## Your assignment
Among the entries, find the lines with the string "interval" and copy them.

## Provided records

- - -

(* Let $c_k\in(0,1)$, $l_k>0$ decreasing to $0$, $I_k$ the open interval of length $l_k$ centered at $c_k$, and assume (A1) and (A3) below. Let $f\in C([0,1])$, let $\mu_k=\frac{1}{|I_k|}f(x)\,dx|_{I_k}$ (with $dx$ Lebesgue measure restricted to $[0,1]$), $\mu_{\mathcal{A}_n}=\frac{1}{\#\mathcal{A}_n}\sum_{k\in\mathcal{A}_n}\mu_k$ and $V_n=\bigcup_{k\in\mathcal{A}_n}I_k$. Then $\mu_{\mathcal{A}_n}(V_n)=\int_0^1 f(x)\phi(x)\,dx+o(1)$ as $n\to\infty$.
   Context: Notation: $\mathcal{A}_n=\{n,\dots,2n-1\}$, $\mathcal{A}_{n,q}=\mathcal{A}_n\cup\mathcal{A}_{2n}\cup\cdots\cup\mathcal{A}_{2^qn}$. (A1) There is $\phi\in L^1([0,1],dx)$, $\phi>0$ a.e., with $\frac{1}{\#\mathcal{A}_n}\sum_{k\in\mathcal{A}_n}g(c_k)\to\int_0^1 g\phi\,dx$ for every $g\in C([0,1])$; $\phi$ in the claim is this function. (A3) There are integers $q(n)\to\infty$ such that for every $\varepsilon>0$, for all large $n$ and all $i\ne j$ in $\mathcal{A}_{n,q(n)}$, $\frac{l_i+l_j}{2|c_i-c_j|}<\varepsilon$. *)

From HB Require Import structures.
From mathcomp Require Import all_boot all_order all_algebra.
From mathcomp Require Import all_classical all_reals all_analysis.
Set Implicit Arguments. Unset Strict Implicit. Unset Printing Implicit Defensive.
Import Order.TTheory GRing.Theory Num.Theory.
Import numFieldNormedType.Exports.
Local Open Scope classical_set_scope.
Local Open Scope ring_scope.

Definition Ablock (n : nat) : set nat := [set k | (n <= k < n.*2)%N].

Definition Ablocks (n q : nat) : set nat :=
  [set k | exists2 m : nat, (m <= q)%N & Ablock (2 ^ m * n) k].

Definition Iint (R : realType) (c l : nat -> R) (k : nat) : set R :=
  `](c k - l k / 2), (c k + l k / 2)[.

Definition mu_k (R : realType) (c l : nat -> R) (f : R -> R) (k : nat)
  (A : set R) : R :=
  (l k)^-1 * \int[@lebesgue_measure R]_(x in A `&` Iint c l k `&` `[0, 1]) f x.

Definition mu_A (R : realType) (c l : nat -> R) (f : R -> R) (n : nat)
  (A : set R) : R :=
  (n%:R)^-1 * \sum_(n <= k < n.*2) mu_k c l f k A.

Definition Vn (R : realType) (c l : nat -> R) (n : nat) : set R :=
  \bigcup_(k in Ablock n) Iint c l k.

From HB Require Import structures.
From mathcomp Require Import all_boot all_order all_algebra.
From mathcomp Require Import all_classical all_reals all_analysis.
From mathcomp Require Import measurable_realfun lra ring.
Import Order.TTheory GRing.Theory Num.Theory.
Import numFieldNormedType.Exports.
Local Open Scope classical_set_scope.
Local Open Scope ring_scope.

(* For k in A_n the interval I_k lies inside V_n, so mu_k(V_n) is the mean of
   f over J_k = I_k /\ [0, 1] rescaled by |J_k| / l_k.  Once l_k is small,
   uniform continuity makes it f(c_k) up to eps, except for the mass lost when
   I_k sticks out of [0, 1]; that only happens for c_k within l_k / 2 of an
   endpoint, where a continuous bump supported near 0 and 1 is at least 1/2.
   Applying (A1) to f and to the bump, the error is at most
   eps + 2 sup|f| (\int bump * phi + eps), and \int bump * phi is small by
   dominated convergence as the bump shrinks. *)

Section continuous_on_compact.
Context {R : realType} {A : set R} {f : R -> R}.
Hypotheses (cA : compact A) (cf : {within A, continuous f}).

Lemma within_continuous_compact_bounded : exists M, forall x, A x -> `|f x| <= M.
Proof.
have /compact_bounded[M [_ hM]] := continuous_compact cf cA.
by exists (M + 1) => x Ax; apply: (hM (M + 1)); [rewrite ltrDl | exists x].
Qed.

- - -

## Exercise response
(* Let $c_k\in(0,1)$, $l_k>0$ decreasing to $0$, $I_k$ the open interval of length $l_k$ centered at $c_k$, and assume (A1) and (A3) below. Let $f\in C([0,1])$, let $\mu_k=\frac{1}{|I_k|}f(x)\,dx|_{I_k}$ (with $dx$ Lebesgue measure restricted to $[0,1]$), $\mu_{\mathcal{A}_n}=\frac{1}{\#\mathcal{A}_n}\sum_{k\in\mathcal{A}_n}\mu_k$ and $V_n=\bigcup_{k\in\mathcal{A}_n}I_k$. Then $\mu_{\mathcal{A}_n}(V_n)=\int_0^1 f(x)\phi(x)\,dx+o(1)$ as $n\to\infty$.
(* For k in A_n the interval I_k lies inside V_n, so mu_k(V_n) is the mean of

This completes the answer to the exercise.